Perhaps the climax came on Saturday night, when Welser-Möst unfurled the original 1887 version of the Eighth, with many differences from the more familiar Robert Haas edition. (I grew up on recordings by Bernard Haitink and Herbert von Karajan, both of whom used the Haas.) But after hearing the original, where does one put it in one’s memory? It is like discovering you have a long-lost sibling whom you have to get to know – one that makes you re-evaluate your roots all over again. Of countless details, most small, the most notable differences are in the first movement, which ends in a triumphant blaze (Haas closes in a whisper), and in the Scherzo, with many phrases extended beyond the Haas revision to the point that the changes feel like clipping a bird’s wings. And in the spellbinding finale, right before the crucial turn to C major, the original contains one last murmuring aside, as if the composer is second-guessing himself before the thundering conclusion. Notably, of the four concerts, this one was the sole outing without an Adams pairing. Given the work’s emotional impact, matched with the Cleveland ensemble’s heroic musicianship, it is hard to imagine what might precede it.

The final afternoon began with a bracing reading of Adams’s Doctor Atomic Symphony, which extracts some of the opera’s most striking material, and in its concision somehow proves (to these ears) even more successful than the complete score. The work ends with J. Robert Oppenheimer’s John Donne aria, “Batter My Heart,” with the vocal line scored for trumpet (Michael Sachs, sounding superb), whose quiet anguish somehow echoes the finale of the Bruckner Ninth that followed. During the overwhelmingly chromatic Ninth (the Adagio from Mahler’s Tenth Symphony kept surging through my brain), with some of the most transparent playing of all, the orchestra combined humility and strength to create a mysterious, radiant experience that evoked a sublime spirit finally coming to rest.

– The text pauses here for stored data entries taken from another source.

(* Let $A,A^*:V\to V$ be diagonalizable linear maps, each with exactly $d+1$ distinct eigenvalues, let $E_0,\dots,E_d$ be an ordering of the primitive idempotents of $A$ and $E^*_0,\dots,E^*_d$ an ordering of those of $A^*$, with $\theta_i$ (resp. $\theta^*_i$) the eigenvalue of $A$ (resp. $A^*$) for $E_i$ (resp. $E^*_i$), and assume $\dim E^*_0V=1$. Let $\{\zeta_i\}_{i=0}^d$ be the split sequence. Then $$\zeta_d=\eta^*_d(\theta^*_0)\,\tau_d(\theta_d)\,\mathrm{tr}(E_dE^*_0),\qquad \sum_{i=0}^d\eta_{d-i}(\theta_0)\eta^*_{d-i}(\theta^*_0)\zeta_i=\eta^*_d(\theta^*_0)\,\eta_d(\theta_0)\,\mathrm{tr}(E_0E^*_0).$$
   Context: $V$ is a nonzero finite-dimensional vector space over an algebraically closed field $\mathcal K$. The primitive idempotent of a diagonalizable $X$ for eigenvalue $\lambda_i$ is $\prod_{j\ne i}\frac{X-\lambda_jI}{\lambda_i-\lambda_j}$. Polynomials: $\eta_i(x)=\prod_{j=0}^{i-1}(x-\theta_{d-j})$, $\eta^*_i(x)=\prod_{j=0}^{i-1}(x-\theta^*_{d-j})$, $\tau_i(x)=\prod_{j=0}^{i-1}(x-\theta_j)$ for $0\le i\le d$ (empty products equal $1$). Since $\dim E^*_0V=1$, the map $E^*_0\tau_i(A)$ acts on $E^*_0V$ as a scalar $\chi_i$; the split sequence is $\zeta_i=(\theta^*_0-\theta^*_1)\cdots(\theta^*_0-\theta^*_i)\chi_i$ for $0\le i\le d$. *)

From HB Require Import structures.
From mathcomp Require Import all_boot all_order all_algebra.
Set Implicit Arguments. Unset Strict Implicit. Unset Printing Implicit Defensive.
Import Order.TTheory GRing.Theory Num.Theory.
Local Open Scope ring_scope.

(* V = 'cV[K]_n (column vectors; a matrix M acts as v |-> M *m v). *)

Definition prim_idem (K : fieldType) (n d : nat) (X : 'M[K]_n)
  (th : 'I_d.+1 -> K) (i : 'I_d.+1) : 'M[K]_n :=
  \prod_(j < d.+1 | j != i) ((th i - th j)^-1 *: (X - (th j)%:M)).

Definition eta_pol (K : fieldType) (d : nat) (th : 'I_d.+1 -> K) (i : nat) (x : K) : K :=
  \prod_(j < i) (x - th (inord (d - j))).

Definition tau_pol (K : fieldType) (d : nat) (th : 'I_d.+1 -> K) (i : nat) (x : K) : K :=
  \prod_(j < i) (x - th (inord j)).

Definition tau_mx (K : fieldType) (n d : nat) (th : 'I_d.+1 -> K) (i : nat)
  (X : 'M[K]_n) : 'M[K]_n :=
  \prod_(j < i) (X - (th (inord j))%:M).

Definition eigen_list (K : fieldType) (n d : nat) (X : 'M[K]_n) (th : 'I_d.+1 -> K) :=
  injective th /\ (forall i, eigenvalue X (th i)) /\
  (forall a, eigenvalue X a -> exists i, a = th i).

Definition split_seq (K : fieldType) (d : nat) (ths : 'I_d.+1 -> K) (chi : nat -> K)
  (i : nat) : K :=
  (\prod_(1 <= k < i.+1) (ths ord0 - ths (inord k))) * chi i.

From HB Require Import structures.
From mathcomp Require Import all_boot all_order all_algebra.
From mathcomp Require Import zify ring.
Set Implicit Arguments. Unset Strict Implicit. Unset Printing Implicit Defensive.
Import Order.TTheory GRing.Theory Num.Theory.
Local Open Scope ring_scope.

(* Since E*_0 has rank one, E*_0 X E*_0 = tr(E*_0 X) E*_0 for every X, so
   chi_i = tr(E*_0 tau_i(A)), and eta*_(d-i)(th*_0) zeta_i = eta*_d(th*_0) chi_i.
   The extreme primitive idempotents are explicit polynomials in A:
   E_d = tau_d(A) / tau_d(th_d) and E_0 = prod_(k>=1) (A - th_k) / eta_d(th_0).
   The first identity follows at once; for the second, the Newton-type expansion
   prod_(k=1..d) (x - th_k) = sum_i eta_(d-i)(th_0) tau_i(x)
   turns the left-hand side into eta*_d(th*_0) tr(E*_0 prod_(k>=1) (A - th_k)). *)

Lemma rank1_scalar_action_trace (K : fieldType) (n : nat) (E X : 'M[K]_n.+1) (c : K) :
  \rank E = 1%N ->
  (forall w : 'cV[K]_n.+1, (E *m X) *m (E *m w) = c *: (E *m w)) ->
  c = \tr (E *m X).
Proof.
move=> rkE actE.
have := mulmx_base E; move: (col_base E) (row_base E); rewrite rkE => C R defE.
set s := (R *m X *m C) 0 0.
have RXC : R *m X *m C = s%:M by apply/matrixP => i j; rewrite !ord1 [RHS]mxE eqxx mulr1n.
have actE_s w : (E *m X) *m (E *m w) = s *: (E *m w).
  by rewrite -defE !mulmxA -[C *m R *m X]mulmxA -[C *m (R *m X) *m C]mulmxA RXC
             mul_mx_scalar -!scalemxAl.
have -> : \tr (E *m X) = s by rewrite -defE -mulmxA mxtrace_mulC RXC mxtrace_scalar.
apply/eqP; apply: contraT => neq_cs.
have /negP[] : E != 0 by rewrite -mxrank_eq0 rkE.
apply/eqP/row_matrixP => i; apply/rowP => j; rewrite !mxE.
have /eqP := actE (delta_mx j 0); rewrite actE_s eq_sym -subr_eq0 -scalerBl scaler_eq0 subr_eq0.
by rewrite (negbTE neq_cs) -colE => /eqP/colP/(_ i); rewrite !mxE.
Qed.

Lemma prod_subr_expansion (R : comPzRingType) (x : R) (t : nat -> R) (m : nat) :
  \sum_(i < m.+1) (\prod_(i.+1 <= k < m.+1) (t 0%N - t k)) * \prod_(j < i) (x - t j)
  = \prod_(1 <= k < m.+1) (x - t k).
Proof.
elim: m => [|m IHm]; first by rewrite big_ord1 !big_geq // big_ord0 mulr1.
set P := \prod_(1 <= k < m.+1) (x - t k).
have tauS : \prod_(j < m.+1) (x - t j) = (x - t 0%N) * P.
  by rewrite big_ord_recl /P big_add1 big_mkord.
rewrite big_ord_recr /= big_geq // mul1r tauS big_nat_recr //= -/P.
under eq_bigr do rewrite big_nat_recr //= mulrAC.
by rewrite -mulr_suml IHm -/P; ring.
Qed.

Lemma inord0 (d : nat) : inord 0 = ord0 :> 'I_d.+1.
Proof. by apply: val_inj; rewrite /= inordK. Qed.

Section BigOrdExclude.

Variables (R : Type) (idx : R) (op : Monoid.law idx) (d : nat) (F : 'I_d.+1 -> R).

Lemma big_ord_neq_max :
  \big[op/idx]_(j < d.+1 | j != ord_max) F j = \big[op/idx]_(j < d) F (inord j).
Proof.
rewrite big_mkcond big_ord_recr /= eqxx Monoid.mulm1; apply: eq_bigr => j _.
have j_lt : (j < d.+1)%N := ltnW (ltn_ord j).
have -> : widen_ord (leqnSn d) j = inord j by apply: val_inj; rewrite /= inordK.
rewrite ifT //; apply: contraTneq (ltn_ord j) => /(congr1 val).
by rewrite /= inordK // => ->; rewrite ltnn.
Qed.

Lemma big_ord_neq0 :
  \big[op/idx]_(j < d.+1 | j != ord0) F j = \big[op/idx]_(1 <= k < d.+1) F (inord k).
Proof.
rewrite [LHS]big_mkcond big_ord_recl /= Monoid.mul1m big_add1 /= big_mkord.
by apply: eq_bigr => j _; congr F; apply: val_inj; rewrite /= inordK // ltnS.
Qed.

End BigOrdExclude.

Lemma eta_pol_tail (K : fieldType) (d : nat) (th : 'I_d.+1 -> K) (x : K) (i : nat) :
  (i <= d)%N -> eta_pol th (d - i) x = \prod_(i.+1 <= k < d.+1) (x - th (inord k)).
Proof.
move=> le_id.
rewrite /eta_pol -(big_mkord xpredT (fun j => x - th (inord (d - j)))) big_nat_rev /=.
rewrite -{1}(add0n i.+1) big_addn subSS.
by apply: eq_big_nat => j /andP[_ lt_j]; rewrite add0n; congr (x - th (inord _)); lia.
Qed.

Lemma eta_pol_full (K : fieldType) (d : nat) (th : 'I_d.+1 -> K) (x : K) :
  eta_pol th d x = \prod_(1 <= k < d.+1) (x - th (inord k)).
Proof. by rewrite -[X in eta_pol _ X](subn0 d) eta_pol_tail. Qed.

Lemma eta_pol_mul_split_seq (K : fieldType) (d : nat) (ths : 'I_d.+1 -> K) (chi : nat -> K)
    (i : nat) : (i <= d)%N ->
  eta_pol ths (d - i) (ths ord0) * split_seq ths chi i = eta_pol ths d (ths ord0) * chi i.
Proof.
move=> le_id; rewrite /split_seq mulrA eta_pol_tail // [X in X * _]mulrC.
by rewrite -big_cat_nat ?eta_pol_full.
Qed.

Lemma sum_eta_pol_tau_mx (K : fieldType) (n d : nat) (A : 'M[K]_n.+1) (th : 'I_d.+1 -> K) :
  \sum_(i < d.+1) eta_pol th (d - i) (th ord0) *: tau_mx th i A
  = \prod_(1 <= k < d.+1) (A - (th (inord k))%:M).
Proof.
have XsubC a : horner_mx A ('X - a%:P) = A - a%:M.
  by rewrite rmorphB /= horner_mx_X horner_mx_C.
have -> : \prod_(1 <= k < d.+1) (A - (th (inord k))%:M)
          = horner_mx A (\prod_(1 <= k < d.+1) ('X - (th (inord k))%:P)).
  by rewrite rmorph_prod /=; apply: eq_bigr => k _; rewrite XsubC.
have /= <- := prod_subr_expansion 'X (fun k => (th (inord k))%:P) d.
rewrite rmorph_sum /=.
apply: eq_bigr => i _ /=; rewrite (eta_pol_tail _ _ (leq_ord i)) inord0.
rewrite rmorphM /= !rmorph_prod /=.
under [in RHS]eq_bigr do rewrite rmorphB /= !horner_mx_C -(raddfB (@scalar_mx _ _)).
rewrite -rmorph_prod /= -scalemx1 mulr_algl.
by congr (_ *: _); apply: eq_bigr => j _; rewrite XsubC.
Qed.

Lemma prim_idem_ord_max (K : fieldType) (n d : nat) (X : 'M[K]_n.+1) (th : 'I_d.+1 -> K) :
  prim_idem X th ord_max = (tau_pol th d (th ord_max))^-1 *: tau_mx th d X.
Proof. by rewrite /prim_idem scaler_prod prodfV !big_ord_neq_max. Qed.

Lemma prim_idem_ord0 (K : fieldType) (n d : nat) (X : 'M[K]_n.+1) (th : 'I_d.+1 -> K) :
  prim_idem X th ord0
  = (eta_pol th d (th ord0))^-1 *: \prod_(1 <= k < d.+1) (X - (th (inord k))%:M).
Proof. by rewrite /prim_idem scaler_prod prodfV !big_ord_neq0 eta_pol_full. Qed.

Lemma tau_pol_ord_max_neq0 (K : fieldType) (d : nat) (th : 'I_d.+1 -> K) :
  injective th -> tau_pol th d (th ord_max) != 0.
Proof.
move=> th_inj; rewrite prodf_seq_neq0; apply/allP => j _ /=; rewrite subr_eq0.
have j_lt : (j < d.+1)%N := ltnW (ltn_ord j).
apply: contraTneq (ltn_ord j) => /th_inj/(congr1 val).
by rewrite /= inordK // => <-; rewrite ltnn.
Qed.

Lemma eta_pol_ord0_neq0 (K : fieldType) (d : nat) (th : 'I_d.+1 -> K) :
  injective th -> eta_pol th d (th ord0) != 0.
Proof.
move=> th_inj; rewrite eta_pol_full prodf_seq_neq0.
apply/allP => k; rewrite mem_index_iota => /andP[k_gt0 k_le] /=; rewrite subr_eq0.
by apply: contraTneq k_gt0 => /th_inj/(congr1 val); rewrite /= inordK // => <-.
Qed.

Theorem lemma3p8 (K : closedFieldType) (n d : nat) (A As : 'M[K]_n.+1)
  (th ths : 'I_d.+1 -> K) (chi : nat -> K) :
  diagonalizable A -> diagonalizable As ->
  eigen_list A th -> eigen_list As ths ->
  \rank (prim_idem As ths ord0) = 1%N ->
  (* chi_i: the scalar by which E*_0 tau_i(A) acts on E*_0 V *)
  (forall i : nat, (i <= d)%N -> forall w : 'cV[K]_n.+1,
     (prim_idem As ths ord0 *m tau_mx th i A) *m (prim_idem As ths ord0 *m w)
       = chi i *: (prim_idem As ths ord0 *m w)) ->
  split_seq ths chi d
    = eta_pol ths d (ths ord0) * tau_pol th d (th ord_max)
      * \tr (prim_idem A th ord_max *m prim_idem As ths ord0)
  /\ \sum_(i < d.+1) eta_pol th (d - i)%N (th ord0) * eta_pol ths (d - i)%N (ths ord0)
                     * split_seq ths chi i
    = eta_pol ths d (ths ord0) * eta_pol th d (th ord0)
      * \tr (prim_idem A th ord0 *m prim_idem As ths ord0).
Proof.
move=> _ _ [th_inj _] _ rkE chiP.
set Es := prim_idem As ths ord0.
have chi_tr i : (i <= d)%N -> chi i = \tr (Es *m tau_mx th i A).
  by move=> le_id; apply: rank1_scalar_action_trace rkE _; apply: chiP.
split.
  have := eta_pol_mul_split_seq ths chi (leqnn d).
  rewrite subnn [eta_pol _ 0 _]big_ord0 mul1r => ->.
  rewrite chi_tr // prim_idem_ord_max -scalemxAl mxtraceZ mxtrace_mulC.
  by rewrite -mulrA mulVKf ?tau_pol_ord_max_neq0.
under eq_bigr => i _ do rewrite -mulrA (eta_pol_mul_split_seq _ _ (leq_ord i)) mulrCA
                             (chi_tr i (leq_ord i)) -mxtraceZ scalemxAr.
rewrite -mulr_sumr -raddf_sum -mulmx_sumr sum_eta_pol_tau_mx.
rewrite prim_idem_ord0 -scalemxAl mxtraceZ mxtrace_mulC.
by rewrite -mulrA mulVKf ?eta_pol_ord0_neq0.
Qed.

It is hard to overstate the achievement of this wondrous orchestra and this compelling conductor, who had never before played all four symphonies in such close succession. As an athletic event, it was arresting; as a spiritual one, it is still providing me sustenance weeks later.

Bruce Hodges

(NB: The ensemble has now released DVDs of all four symphonies, Nos. 5, 7, 8 and 9. For the Eighth, taped in Severance Hall, the ensemble uses the 1887 version heard here.)